Select and reproduce each line of the listing below that bears the string "rewrite".
=== Begin Enclosure ===
(* Let $(F,\mathrm{Frob})\in\mathcal{S}$, $a\in F^n$ and $A\subseteq F$, and suppose $\dim_{rk}(a/A)=k$. Then there is a finite set $\{P_1(x),\dots,P_m(x)\}$ of difference polynomials with parameters in $A$ such that $(F,\mathrm{Frob})\models\bigwedge_{i\le m}P_i(a)=0$ and $\dim_{rk}\big(\bigwedge_{i\le m}P_i(x)=0\big)=k$.
   Context: $\mathbb{P}$ = primes, $\mathrm{Frob}_p:x\mapsto x^p$, $\mathcal{L}_\sigma$ = language of rings plus unary $\sigma$. For a parameter-free $\mathcal{L}_\sigma$-formula $\varphi$ and prime $p$, $\varphi_p$ replaces each $\sigma(t)$ by $t^p$. For each ring formula $\psi(x,y)$, $|x|=n$, fix $C_\psi>0$ and finite $D_\psi\subseteq\{0,..,n\}\times\mathbb{R}^{>0}$ such that for all finite fields $\mathbb{F}_q$ and $a$ with $\psi(\mathbb{F}_q^n,a)\ne\emptyset$ some $(d,\mu)\in D_\psi$ has $\big||\psi(\mathbb{F}_q^n,a)|-\mu q^d\big|\le C_\psi q^{d-1/2}$; $E_\psi=\{\mu:(d,\mu)\in D_\psi\}$; $N^p_\varphi=\max\{\mu,1/\mu,2\log_p(2C_{\varphi_p}/\mu):\mu\in E_{\varphi_p}\}$; $f(\ell,p)=\max\{N^p_\varphi:|\varphi|\le\ell\}$. $\mathcal{S}$ = ultraproducts $\prod_p(\mathbb{F}_{p^{k_p}},\mathrm{Frob}_p)/\mathcal{U}$, $\mathcal{U}$ non-principal on $\mathbb{P}$, $k_p\ge f(p,p)$. With $(\tilde F,\mathrm{Frob})=\prod_p(\tilde{\mathbb{F}}_p,\mathrm{Frob}_p)/\mathcal{U}$ (a model of ACFA containing $F$), $\dim_{rk}(a/A)$ is the transformal transcendence degree of $a$ over the difference field generated by $A$, and for a formula $\pi$ over $A$, $\dim_{rk}(\pi)=\max\{\dim_{rk}(c/A):c\models\pi\}$ with realizations in a saturated elementary extension of $(\tilde F,\mathrm{Frob})$. *)

From Stdlib Require Import Reals ClassicalDescription.
From HB Require Import structures.
From mathcomp Require Import all_boot all_order all_algebra all_field.
Set Implicit Arguments.
Unset Strict Implicit.
Unset Printing Implicit Defensive.
Import GRing.Theory.

(* L_sigma-structures: a carrier with an interpretation of equality     *)
(* (a relation, so that ultraproducts can be taken as setoids), of the  *)
(* ring operations and of the unary symbol sigma.                      *)
Record str := Str {
  car :> Type;
  eqr : car -> car -> Prop;
  zr : car; on : car;
  ad : car -> car -> car; ml : car -> car -> car;
  op : car -> car; sg : car -> car }.

Definition ring_str (T : nzRingType) (s : T -> T) : str :=
  @Str T (@eq T) 0%R 1%R (@GRing.add T) (@GRing.mul T) (@GRing.opp T) s.

Definition ultra (I : Type) (U : (I -> Prop) -> Prop) (M : I -> str) : str :=
  @Str (forall i, M i)
    (fun x y => U (fun i => eqr (x i) (y i)))
    (fun i => zr (M i)) (fun i => on (M i))
    (fun x y i => ad (x i) (y i)) (fun x y i => ml (x i) (y i))
    (fun x i => op (x i)) (fun x i => sg (x i)).

Definition ultrafilter (I : Type) (U : (I -> Prop) -> Prop) : Prop :=
  U (fun _ => True) /\ ~ U (fun _ => False) /\
  (forall X Y : I -> Prop, U X -> (forall i, X i -> Y i) -> U Y) /\
  (forall X Y : I -> Prop, U X -> U Y -> U (fun i => X i /\ Y i)) /\
  (forall X : I -> Prop, U X \/ U (fun i => ~ X i)).

Definition nonprincipal (I : Type) (U : (I -> Prop) -> Prop) : Prop :=
  forall i0 : I, ~ U (fun i => i = i0).

(* Syntax of L_sigma: terms (with constants from X, i.e. parameters)   *)
Inductive term (X : Type) : Type :=
| Var of nat | Cst of X | Zero | One
| Add of term X & term X | Mul of term X & term X
| Opp of term X | Sig of term X.
Arguments Var {X}. Arguments Zero {X}. Arguments One {X}.

Inductive form (X : Type) : Type :=
| FEq of term X & term X
| FNeg of form X
| FAnd of form X & form X
| FEx of nat & form X.

Definition upd (T : Type) (v : nat -> T) (i : nat) (y : T) : nat -> T :=
  fun j => if j == i then y else v j.

Fixpoint evalt (M : str) (X : Type) (cs : X -> M) (v : nat -> M) (t : term X)
  : M :=
  match t with
  | Var i => v i
  | Cst x => cs x
  | Zero => zr M
  | One => on M
  | Add s u => ad (evalt cs v s) (evalt cs v u)
  | Mul s u => ml (evalt cs v s) (evalt cs v u)
  | Opp s => op (evalt cs v s)
  | Sig s => sg (evalt cs v s)
  end.

Fixpoint sat (M : str) (X : Type) (cs : X -> M) (v : nat -> M) (f : form X)
  : Prop :=
  match f with
  | FEq s u => eqr (evalt cs v s) (evalt cs v u)
  | FNeg g => ~ sat cs v g
  | FAnd g h => sat cs v g /\ sat cs v h
  | FEx i g => exists y : M, sat cs (upd v i y) g
  end.

Definition form0 := form Empty_set.
Definition nocst (M : Type) : Empty_set -> M := fun e => match e with end.

(* Length of a formula; variable v_i counts as i+1 symbols (so that there *)
(* are finitely many formulas of bounded length).                        *)
Fixpoint tsize (X : Type) (t : term X) : nat :=
  match t with
  | Var i => i.+1
  | Cst _ | Zero | One => 1
  | Add s u | Mul s u => (tsize s + tsize u).+1
  | Opp s | Sig s => (tsize s).+1
  end.
Fixpoint fsize (X : Type) (f : form X) : nat :=
  match f with
  | FEq s u => (tsize s + tsize u).+1
  | FNeg g => (fsize g).+1
  | FAnd g h => (fsize g + fsize h).+1
  | FEx i g => (i.+1 + fsize g).+1
  end.

Fixpoint tsfree (X : Type) (t : term X) : Prop :=
  match t with
  | Add s u | Mul s u => tsfree s /\ tsfree u
  | Opp s => tsfree s
  | Sig _ => False
  | _ => True
  end.
Fixpoint fsfree (X : Type) (f : form X) : Prop :=
  match f with
  | FEq s u => tsfree s /\ tsfree u
  | FNeg g => fsfree g
  | FAnd g h => fsfree g /\ fsfree h
  | FEx _ g => fsfree g
  end.

Fixpoint tpow (X : Type) (t : term X) (m : nat) : term X :=
  match m with 0 => One | m'.+1 => Mul t (tpow t m') end.
Fixpoint ttrans (X : Type) (p : nat) (t : term X) : term X :=
  match t with
  | Var i => Var i | Cst x => Cst x | Zero => Zero | One => One
  | Add s u => Add (ttrans p s) (ttrans p u)
  | Mul s u => Mul (ttrans p s) (ttrans p u)
  | Opp s => Opp (ttrans p s)
  | Sig s => tpow (ttrans p s) p
  end.
Fixpoint ftrans (X : Type) (p : nat) (f : form X) : form X :=
  match f with
  | FEq s u => FEq (ttrans p s) (ttrans p u)
  | FNeg g => FNeg (ftrans p g)
  | FAnd g h => FAnd (ftrans p g) (ftrans p h)
  | FEx i g => FEx i (ftrans p g)
  end.

Definition join (T : Type) (n : nat) (x : 'I_n -> T) (y : nat -> T) : nat -> T :=
  fun i => odflt (y i) (omap x (insub i : option 'I_n)).

Definition decP (P : Prop) : bool :=
  if excluded_middle_informative P then true else false.

Definition count_sol (F : finFieldType) (n : nat) (y : nat -> F) (psi : form0)
  : nat :=
  #|[set x : {ffun 'I_n -> F} |
      decP (sat (M := @ring_str F id) (nocst _) (join x y) psi)]|.

Definition CDM (C : form0 -> nat -> R) (D : form0 -> nat -> list (nat * R))
  : Prop :=
  forall (psi : form0) (n : nat), fsfree psi ->
  Rlt R0 (C psi n) /\
  (forall dm, List.In dm (D psi n) -> (dm.1 <= n)%N /\ Rlt R0 dm.2) /\
  forall (F : finFieldType) (y : nat -> F),
    (0 < count_sol n y psi)%N ->
    exists dm, List.In dm (D psi n) /\
      Rle (Rabs (Rminus (INR (count_sol n y psi))
                        (Rmult dm.2 (pow (INR #|F|) dm.1))))
          (Rdiv (Rmult (C psi n) (pow (INR #|F|) dm.1)) (sqrt (INR #|F|))).

(* kp >= f(p,p) = max { N^p_phi : |phi| <= p } *)
Definition f_bound (C : form0 -> nat -> R) (D : form0 -> nat -> list (nat * R))
  (p kp : nat) : Prop :=
  forall (phi : form0) (n : nat), (fsize phi + n <= p)%N ->
  forall dm, List.In dm (D (ftrans p phi) n) ->
    Rle dm.2 (INR kp) /\ Rle (Rinv dm.2) (INR kp) /\
    Rle (Rmult (INR 2) (Rdiv (ln (Rdiv (Rmult (INR 2) (C (ftrans p phi) n)) dm.2))
                             (ln (INR p))))
        (INR kp).

Definition prime_t := {p : nat | prime p}.

Definition alg_closure_Fp (K : closedFieldType) (p : nat) : Prop :=
  (p%:R == 0 :> K)%R /\
  forall x : K, exists q : {poly K}, (q != 0)%R /\
    (forall i, exists m : nat, (q`_i = m%:R)%R) /\ root q x.

Definition Fstr (U : (prime_t -> Prop) -> Prop) (Fp : prime_t -> finFieldType)
  : str := ultra U (fun p => @ring_str (Fp p) (fun x => (x ^+ proj1_sig p)%R)).

Definition Ftstr (U : (prime_t -> Prop) -> Prop) (Kp : prime_t -> closedFieldType)
  : str := ultra U (fun p => @ring_str (Kp p) (fun x => (x ^+ proj1_sig p)%R)).

Definition iota_u (U : (prime_t -> Prop) -> Prop) (Fp : prime_t -> finFieldType)
  (Kp : prime_t -> closedFieldType) (iota : forall p, {rmorphism Fp p -> Kp p})
  : Fstr U Fp -> Ftstr U Kp := fun x p => iota p (x p).

Definition dsubfield (M : str) (S : M -> Prop) : Prop :=
  (forall x y, eqr x y -> S x -> S y) /\ S (zr M) /\ S (on M) /\
  (forall x y, S x -> S y -> S (ad x y)) /\ (forall x, S x -> S (op x)) /\
  (forall x y, S x -> S y -> S (ml x y)) /\
  (forall x y, S x -> ~ eqr x (zr M) -> eqr (ml x y) (on M) -> S y) /\
  (forall x, S x -> S (sg x)) /\
  (forall x y, S x -> eqr (sg y) x -> S y).

Definition dfield_gen (M : str) (B : M -> Prop) (x : M) : Prop :=
  forall S, dsubfield S -> (forall b, B b -> S b) -> S x.

Definition pw (M : str) (y : M) (e : nat) : M := iter e (ml y) (on M).
Definition monom (M : str) (ys : seq M) (es : seq nat) : M :=
  foldr (fun ye acc => ml (pw ye.1 ye.2) acc) (on M) (zip ys es).
(* a polynomial in the variables ys: list of (coefficient, exponent vector) *)
Definition peval (M : str) (ys : seq M) (P : seq (M * seq nat)) : M :=
  foldr (fun ce acc => ad (ml ce.1 (monom ys ce.2)) acc) (zr M) P.

Definition alg_dep (M : str) (K : M -> Prop) (ys : seq M) : Prop :=
  exists P : seq (M * seq nat),
    (forall ce, List.In ce P -> K ce.1 /\ size ce.2 = size ys) /\
    uniq (map snd P) /\
    (exists ce, List.In ce P /\ ~ eqr ce.1 (zr M)) /\
    eqr (peval ys P) (zr M).

Definition tindep (M : str) (K : M -> Prop) (n : nat) (c : 'I_n -> M)
  (J : {set 'I_n}) : Prop :=
  forall N : nat,
    ~ alg_dep K [seq iter j (@sg M) (c i) | i <- enum J, j <- iota 0 N].

Definition is_trdeg (M : str) (B : M -> Prop) (n : nat) (c : 'I_n -> M)
  (k : nat) : Prop :=
  (exists J : {set 'I_n}, #|J| = k /\ tindep (dfield_gen B) c J) /\
  (forall J : {set 'I_n}, tindep (dfield_gen B) c J -> (#|J| <= k)%N).

Definition elem_ext (N M : str) (h : N -> M) : Prop :=
  forall (phi : form0) (v : nat -> N),
    sat (nocst N) v phi <-> sat (nocst M) (fun i => h (v i)) phi.

Definition realizes (M : str) (X : Type) (cs : X -> M) (n : nat)
  (Ps : list (term X)) (c : 'I_n -> M) : Prop :=
  forall P, List.In P Ps -> eqr (evalt cs (join c (fun _ => zr M)) P) (zr M).

Fixpoint tcsts_in (X : Type) (A : X -> Prop) (t : term X) : Prop :=
  match t with
  | Cst x => A x
  | Add s u | Mul s u => tcsts_in A s /\ tcsts_in A u
  | Opp s | Sig s => tcsts_in A s
  | _ => True
  end.
Fixpoint tvars_lt (X : Type) (n : nat) (t : term X) : Prop :=
  match t with
  | Var i => (i < n)%N
  | Add s u | Mul s u => tvars_lt n s /\ tvars_lt n u
  | Opp s | Sig s => tvars_lt n s
  | _ => True
  end.

(* dim_rk( /\_{P in Ps} P(x) = 0 ) = k, where the parameters X are placed in
   the structure N by cs and A is the parameter set: the maximum of the
   transformal transcendence degrees over A of realizations in elementary
   extensions of N is k. *)
Definition dim_rk_eq (N : str) (X : Type) (cs : X -> N) (A : X -> Prop)
  (n : nat) (Ps : list (term X)) (k : nat) : Prop :=
  (exists (M : str) (h : N -> M) (c : 'I_n -> M),
     elem_ext h /\ realizes (fun x => h (cs x)) Ps c /\
     is_trdeg (fun z => exists x, A x /\ z = h (cs x)) c k) /\
  (forall (M : str) (h : N -> M) (c : 'I_n -> M),
     elem_ext h -> realizes (fun x => h (cs x)) Ps c ->
     forall J : {set 'I_n},
       tindep (dfield_gen (fun z => exists x, A x /\ z = h (cs x))) c J ->
       (#|J| <= k)%N).

From Stdlib Require Import Reals ClassicalDescription Classical.
From HB Require Import structures.
From mathcomp Require Import all_boot all_order all_algebra all_field.
From mathcomp Require Import ring zify.
Set Implicit Arguments.
Unset Strict Implicit.
Unset Printing Implicit Defensive.
Import GRing.Theory.

(* For every J with |J| > k the iterates sigma^j(a_i), i in J, are algebraically
   dependent over the difference field generated by A.  On a U-large set of primes each
   element of that field is a Frobenius twist Frob^-m(s/t) of a quotient of closed terms
   s, t over A, because such twists already form a difference field containing A.  Raising
   a dependence relation to the power p^m and clearing a common denominator gives a
   difference polynomial P_J over A, with closed-term coefficients not all zero, such that
   P_J(a) = 0.  That a closed term does not vanish is a parameter-free statement about its
   constants, so it persists in elementary extensions; there, any solution of P_J = 0 has
   transformally dependent J-coordinates.  Hence the system of all P_J with |J| > k has
   dimension at most k, and a realizes it with dimension exactly k. *)

Lemma inP (T : eqType) (x : T) s : reflect (List.In x s) (x \in s).
Proof.
elim: s => [|y s IH] /=; first by right.
rewrite in_cons; apply: (iffP orP).
- by case=> [/eqP ->|/IH]; [left|right].
- by case=> [->|/IH]; [left; rewrite eqxx|right].
Qed.

Lemma In_allpairs (S T R : Type) (f : S -> T -> R) s t y :
  List.In y [seq f i j | i <- s, j <- t] -> exists i j, y = f i j.
Proof.
elim: s => //= i s IH /List.in_app_iff [/List.in_map_iff [j [<- _]]|/IH //].
by exists i, j.
Qed.

Lemma eq_map_In (S T : Type) (f g : S -> T) s :
  (forall x, List.In x s -> f x = g x) -> map f s = map g s.
Proof.
elim: s => //= x s IH fg; rewrite fg ?IH //; last by left.
by move=> y Hy; apply: fg; right.
Qed.

Lemma In_nth (T : Type) (x0 x : T) s :
  List.In x s -> exists2 k, k < size s & nth x0 s k = x.
Proof.
elim: s => //= y s IH [->|/IH [k lt_k <-]]; first by exists 0.
by exists k.+1.
Qed.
=== End Enclosure ===
→ **Solution for this problem**
rewrite in_cons; apply: (iffP orP).
- by case=> [->|/IH]; [left; rewrite eqxx|right].
elim: s => //= x s IH fg; rewrite fg ?IH //; last by left.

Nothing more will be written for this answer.